# [What is being asked]
What is needed here is an exact repetition of the records below, beginning at the line that has "Definition is_walk (u" and stopping after the line that has "is_walk u p".
□ □ □ □
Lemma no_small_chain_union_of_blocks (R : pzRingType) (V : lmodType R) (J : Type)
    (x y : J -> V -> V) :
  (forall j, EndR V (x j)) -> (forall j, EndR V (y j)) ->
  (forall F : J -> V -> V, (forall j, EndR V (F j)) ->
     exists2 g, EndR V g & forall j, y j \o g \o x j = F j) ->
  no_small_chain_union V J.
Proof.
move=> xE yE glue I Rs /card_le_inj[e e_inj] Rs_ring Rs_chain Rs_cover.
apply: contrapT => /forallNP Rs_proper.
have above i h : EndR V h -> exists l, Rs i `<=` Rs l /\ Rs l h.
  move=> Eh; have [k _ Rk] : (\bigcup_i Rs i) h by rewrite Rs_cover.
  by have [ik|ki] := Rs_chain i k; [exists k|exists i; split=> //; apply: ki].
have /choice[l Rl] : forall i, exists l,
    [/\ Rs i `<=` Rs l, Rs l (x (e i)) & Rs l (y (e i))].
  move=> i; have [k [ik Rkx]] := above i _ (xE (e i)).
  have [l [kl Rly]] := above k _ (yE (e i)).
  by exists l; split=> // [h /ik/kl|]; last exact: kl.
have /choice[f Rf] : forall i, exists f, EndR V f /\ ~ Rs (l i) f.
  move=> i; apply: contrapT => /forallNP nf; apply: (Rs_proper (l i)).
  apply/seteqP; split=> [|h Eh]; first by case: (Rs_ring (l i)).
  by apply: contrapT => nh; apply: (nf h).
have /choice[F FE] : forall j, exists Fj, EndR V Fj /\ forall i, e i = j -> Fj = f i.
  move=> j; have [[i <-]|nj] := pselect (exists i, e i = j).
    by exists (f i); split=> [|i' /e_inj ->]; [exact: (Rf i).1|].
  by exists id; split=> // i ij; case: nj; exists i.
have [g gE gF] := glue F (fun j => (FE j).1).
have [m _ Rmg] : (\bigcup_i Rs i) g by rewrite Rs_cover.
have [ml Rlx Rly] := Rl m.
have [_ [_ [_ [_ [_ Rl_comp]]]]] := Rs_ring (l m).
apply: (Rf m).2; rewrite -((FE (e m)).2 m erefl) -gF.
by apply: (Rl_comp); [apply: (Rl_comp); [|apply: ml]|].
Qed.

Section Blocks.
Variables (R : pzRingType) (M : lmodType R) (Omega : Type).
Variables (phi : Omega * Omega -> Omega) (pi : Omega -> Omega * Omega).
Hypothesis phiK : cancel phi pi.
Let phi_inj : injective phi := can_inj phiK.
□ □ □ □
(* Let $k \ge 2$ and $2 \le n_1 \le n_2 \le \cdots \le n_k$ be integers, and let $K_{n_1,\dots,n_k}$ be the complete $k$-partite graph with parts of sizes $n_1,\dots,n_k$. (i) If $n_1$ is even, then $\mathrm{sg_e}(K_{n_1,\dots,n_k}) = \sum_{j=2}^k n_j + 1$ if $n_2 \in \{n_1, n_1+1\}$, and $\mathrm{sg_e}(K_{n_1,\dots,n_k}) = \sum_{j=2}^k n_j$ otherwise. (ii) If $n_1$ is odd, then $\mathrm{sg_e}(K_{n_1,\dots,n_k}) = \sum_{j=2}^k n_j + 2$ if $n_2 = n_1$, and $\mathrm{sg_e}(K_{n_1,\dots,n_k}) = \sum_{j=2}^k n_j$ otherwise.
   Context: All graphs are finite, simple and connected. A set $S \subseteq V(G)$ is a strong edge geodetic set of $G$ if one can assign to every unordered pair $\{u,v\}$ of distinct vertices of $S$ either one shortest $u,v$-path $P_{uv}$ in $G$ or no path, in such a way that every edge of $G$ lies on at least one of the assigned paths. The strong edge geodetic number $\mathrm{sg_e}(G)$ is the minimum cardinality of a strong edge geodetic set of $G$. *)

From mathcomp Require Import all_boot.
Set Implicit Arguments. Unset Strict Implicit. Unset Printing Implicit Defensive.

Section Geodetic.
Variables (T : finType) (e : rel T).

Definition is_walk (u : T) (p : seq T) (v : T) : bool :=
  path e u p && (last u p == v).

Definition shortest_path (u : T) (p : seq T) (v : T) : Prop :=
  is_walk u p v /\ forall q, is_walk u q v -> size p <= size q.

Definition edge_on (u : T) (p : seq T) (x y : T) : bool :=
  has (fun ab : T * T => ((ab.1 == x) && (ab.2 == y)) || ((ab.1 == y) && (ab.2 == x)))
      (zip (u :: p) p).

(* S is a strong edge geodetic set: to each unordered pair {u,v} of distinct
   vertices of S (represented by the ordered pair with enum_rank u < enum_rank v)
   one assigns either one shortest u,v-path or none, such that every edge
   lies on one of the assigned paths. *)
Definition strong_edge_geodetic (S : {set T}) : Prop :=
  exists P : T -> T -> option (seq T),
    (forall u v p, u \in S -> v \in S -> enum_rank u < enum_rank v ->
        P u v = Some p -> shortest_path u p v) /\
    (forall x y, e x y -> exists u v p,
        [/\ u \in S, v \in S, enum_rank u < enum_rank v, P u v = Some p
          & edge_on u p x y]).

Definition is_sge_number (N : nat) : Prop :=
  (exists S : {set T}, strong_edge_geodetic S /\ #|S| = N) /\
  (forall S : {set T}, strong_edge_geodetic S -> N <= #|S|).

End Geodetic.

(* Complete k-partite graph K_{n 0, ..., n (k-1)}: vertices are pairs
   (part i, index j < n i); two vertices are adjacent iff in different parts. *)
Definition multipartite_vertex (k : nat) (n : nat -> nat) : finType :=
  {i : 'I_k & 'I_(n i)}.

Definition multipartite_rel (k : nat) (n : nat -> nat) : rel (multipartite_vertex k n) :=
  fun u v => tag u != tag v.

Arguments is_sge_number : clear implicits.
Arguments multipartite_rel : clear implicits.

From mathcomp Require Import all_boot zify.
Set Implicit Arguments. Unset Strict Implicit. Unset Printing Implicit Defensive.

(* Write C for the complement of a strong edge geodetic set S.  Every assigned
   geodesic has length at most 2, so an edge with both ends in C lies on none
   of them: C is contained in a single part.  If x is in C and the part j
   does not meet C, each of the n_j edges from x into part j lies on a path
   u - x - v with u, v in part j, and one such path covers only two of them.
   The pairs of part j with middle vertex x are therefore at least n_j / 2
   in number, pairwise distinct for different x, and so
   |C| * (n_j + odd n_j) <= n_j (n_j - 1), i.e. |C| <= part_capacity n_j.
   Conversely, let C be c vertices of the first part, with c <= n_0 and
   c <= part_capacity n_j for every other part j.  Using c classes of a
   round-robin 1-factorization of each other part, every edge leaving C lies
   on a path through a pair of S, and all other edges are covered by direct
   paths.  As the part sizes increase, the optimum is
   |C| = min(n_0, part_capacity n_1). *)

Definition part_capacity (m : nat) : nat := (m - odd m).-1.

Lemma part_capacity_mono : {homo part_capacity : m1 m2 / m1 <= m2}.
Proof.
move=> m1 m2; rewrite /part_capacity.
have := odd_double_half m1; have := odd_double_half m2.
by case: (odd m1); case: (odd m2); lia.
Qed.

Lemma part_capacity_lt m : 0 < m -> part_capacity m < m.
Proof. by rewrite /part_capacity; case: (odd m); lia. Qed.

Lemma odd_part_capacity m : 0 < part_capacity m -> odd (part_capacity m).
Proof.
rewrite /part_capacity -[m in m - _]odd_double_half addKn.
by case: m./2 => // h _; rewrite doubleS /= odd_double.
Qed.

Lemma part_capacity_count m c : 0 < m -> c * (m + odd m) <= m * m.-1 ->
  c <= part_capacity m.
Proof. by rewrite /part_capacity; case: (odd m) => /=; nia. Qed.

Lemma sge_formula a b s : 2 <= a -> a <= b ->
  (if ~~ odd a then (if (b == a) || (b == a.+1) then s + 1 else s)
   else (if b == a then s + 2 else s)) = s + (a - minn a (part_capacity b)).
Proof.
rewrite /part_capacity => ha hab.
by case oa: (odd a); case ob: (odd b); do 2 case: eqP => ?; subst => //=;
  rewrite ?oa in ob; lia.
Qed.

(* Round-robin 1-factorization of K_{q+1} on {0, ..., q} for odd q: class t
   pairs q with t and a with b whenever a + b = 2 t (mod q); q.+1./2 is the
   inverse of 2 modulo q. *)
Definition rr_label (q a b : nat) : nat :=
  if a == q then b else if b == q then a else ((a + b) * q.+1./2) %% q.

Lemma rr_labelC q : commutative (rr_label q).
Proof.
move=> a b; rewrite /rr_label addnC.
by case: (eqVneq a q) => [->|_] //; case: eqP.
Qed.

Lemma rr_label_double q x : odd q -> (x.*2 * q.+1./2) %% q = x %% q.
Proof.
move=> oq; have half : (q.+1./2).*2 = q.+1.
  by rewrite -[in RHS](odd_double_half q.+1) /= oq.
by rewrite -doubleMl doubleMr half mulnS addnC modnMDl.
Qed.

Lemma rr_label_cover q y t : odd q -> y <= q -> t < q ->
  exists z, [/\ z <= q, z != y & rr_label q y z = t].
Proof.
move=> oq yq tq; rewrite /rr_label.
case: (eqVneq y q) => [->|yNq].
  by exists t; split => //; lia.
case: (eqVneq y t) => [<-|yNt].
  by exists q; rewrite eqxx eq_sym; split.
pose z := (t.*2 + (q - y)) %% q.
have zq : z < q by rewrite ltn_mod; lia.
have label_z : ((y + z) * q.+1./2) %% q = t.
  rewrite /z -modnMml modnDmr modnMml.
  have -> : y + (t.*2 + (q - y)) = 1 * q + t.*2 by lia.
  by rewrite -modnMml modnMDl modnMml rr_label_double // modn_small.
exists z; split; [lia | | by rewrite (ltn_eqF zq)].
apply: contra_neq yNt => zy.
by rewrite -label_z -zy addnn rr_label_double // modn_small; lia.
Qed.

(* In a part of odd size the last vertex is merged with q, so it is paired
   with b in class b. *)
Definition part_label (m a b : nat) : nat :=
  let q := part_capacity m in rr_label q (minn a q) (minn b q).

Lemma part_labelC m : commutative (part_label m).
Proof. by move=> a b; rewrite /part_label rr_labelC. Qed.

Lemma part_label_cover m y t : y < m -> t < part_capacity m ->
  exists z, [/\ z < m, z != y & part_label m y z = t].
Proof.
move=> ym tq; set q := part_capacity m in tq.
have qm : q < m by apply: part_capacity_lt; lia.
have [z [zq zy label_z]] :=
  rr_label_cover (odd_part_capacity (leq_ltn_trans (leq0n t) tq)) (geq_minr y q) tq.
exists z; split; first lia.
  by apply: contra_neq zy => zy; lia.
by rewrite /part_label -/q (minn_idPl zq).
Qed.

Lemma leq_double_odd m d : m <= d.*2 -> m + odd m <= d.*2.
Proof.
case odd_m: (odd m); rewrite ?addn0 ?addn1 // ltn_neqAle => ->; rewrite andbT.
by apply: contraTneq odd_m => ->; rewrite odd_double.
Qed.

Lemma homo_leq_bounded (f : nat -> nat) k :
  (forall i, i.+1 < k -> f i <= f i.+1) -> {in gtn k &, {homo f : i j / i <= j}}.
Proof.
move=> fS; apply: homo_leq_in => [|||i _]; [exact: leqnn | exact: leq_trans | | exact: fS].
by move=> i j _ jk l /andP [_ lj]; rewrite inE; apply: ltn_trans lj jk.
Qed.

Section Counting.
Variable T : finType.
□ □ □ □
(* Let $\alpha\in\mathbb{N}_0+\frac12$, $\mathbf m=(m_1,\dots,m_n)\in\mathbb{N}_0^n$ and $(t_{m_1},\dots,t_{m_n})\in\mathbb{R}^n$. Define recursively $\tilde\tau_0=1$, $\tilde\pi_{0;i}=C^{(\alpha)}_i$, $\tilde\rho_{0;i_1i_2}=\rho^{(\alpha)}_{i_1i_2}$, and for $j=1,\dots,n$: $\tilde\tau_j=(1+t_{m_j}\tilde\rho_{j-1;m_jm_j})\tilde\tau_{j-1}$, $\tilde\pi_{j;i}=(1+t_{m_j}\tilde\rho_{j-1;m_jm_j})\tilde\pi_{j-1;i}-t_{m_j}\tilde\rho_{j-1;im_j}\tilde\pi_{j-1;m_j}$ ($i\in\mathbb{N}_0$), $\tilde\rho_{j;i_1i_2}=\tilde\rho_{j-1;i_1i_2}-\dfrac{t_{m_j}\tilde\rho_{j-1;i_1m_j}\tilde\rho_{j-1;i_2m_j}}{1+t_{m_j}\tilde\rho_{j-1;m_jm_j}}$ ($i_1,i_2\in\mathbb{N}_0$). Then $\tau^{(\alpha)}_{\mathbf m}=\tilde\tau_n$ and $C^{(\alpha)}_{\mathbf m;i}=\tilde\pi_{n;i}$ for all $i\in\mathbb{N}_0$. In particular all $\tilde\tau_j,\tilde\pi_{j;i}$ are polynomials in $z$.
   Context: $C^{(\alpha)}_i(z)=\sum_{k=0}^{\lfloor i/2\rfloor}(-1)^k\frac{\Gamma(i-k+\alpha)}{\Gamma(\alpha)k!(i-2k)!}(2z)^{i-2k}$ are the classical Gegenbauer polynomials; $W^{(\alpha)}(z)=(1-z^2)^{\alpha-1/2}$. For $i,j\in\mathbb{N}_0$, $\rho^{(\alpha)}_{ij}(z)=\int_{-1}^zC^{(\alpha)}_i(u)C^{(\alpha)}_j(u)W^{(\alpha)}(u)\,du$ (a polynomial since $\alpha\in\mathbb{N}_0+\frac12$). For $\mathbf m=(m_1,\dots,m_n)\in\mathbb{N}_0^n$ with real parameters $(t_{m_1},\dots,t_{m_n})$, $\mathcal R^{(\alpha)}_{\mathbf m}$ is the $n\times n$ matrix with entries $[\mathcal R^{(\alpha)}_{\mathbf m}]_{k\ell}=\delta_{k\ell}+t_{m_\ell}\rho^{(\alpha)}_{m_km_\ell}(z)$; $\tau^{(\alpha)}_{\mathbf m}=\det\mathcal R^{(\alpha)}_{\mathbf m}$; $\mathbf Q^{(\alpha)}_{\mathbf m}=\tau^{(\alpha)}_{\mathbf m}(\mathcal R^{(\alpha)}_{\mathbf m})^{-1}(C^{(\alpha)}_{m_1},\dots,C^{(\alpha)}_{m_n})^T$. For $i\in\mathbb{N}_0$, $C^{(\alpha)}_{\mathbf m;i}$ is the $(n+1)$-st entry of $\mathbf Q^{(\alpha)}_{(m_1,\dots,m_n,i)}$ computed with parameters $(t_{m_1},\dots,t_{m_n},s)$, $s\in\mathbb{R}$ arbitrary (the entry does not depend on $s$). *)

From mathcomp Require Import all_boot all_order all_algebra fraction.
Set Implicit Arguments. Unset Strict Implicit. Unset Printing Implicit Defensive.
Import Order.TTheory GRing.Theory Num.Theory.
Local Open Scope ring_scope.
□ □ □ □
# [Result of this task]
Definition is_walk (u : T) (p : seq T) (v : T) : bool :=
  path e u p && (last u p == v).

Definition shortest_path (u : T) (p : seq T) (v : T) : Prop :=
  is_walk u p v /\ forall q, is_walk u q v -> size p <= size q.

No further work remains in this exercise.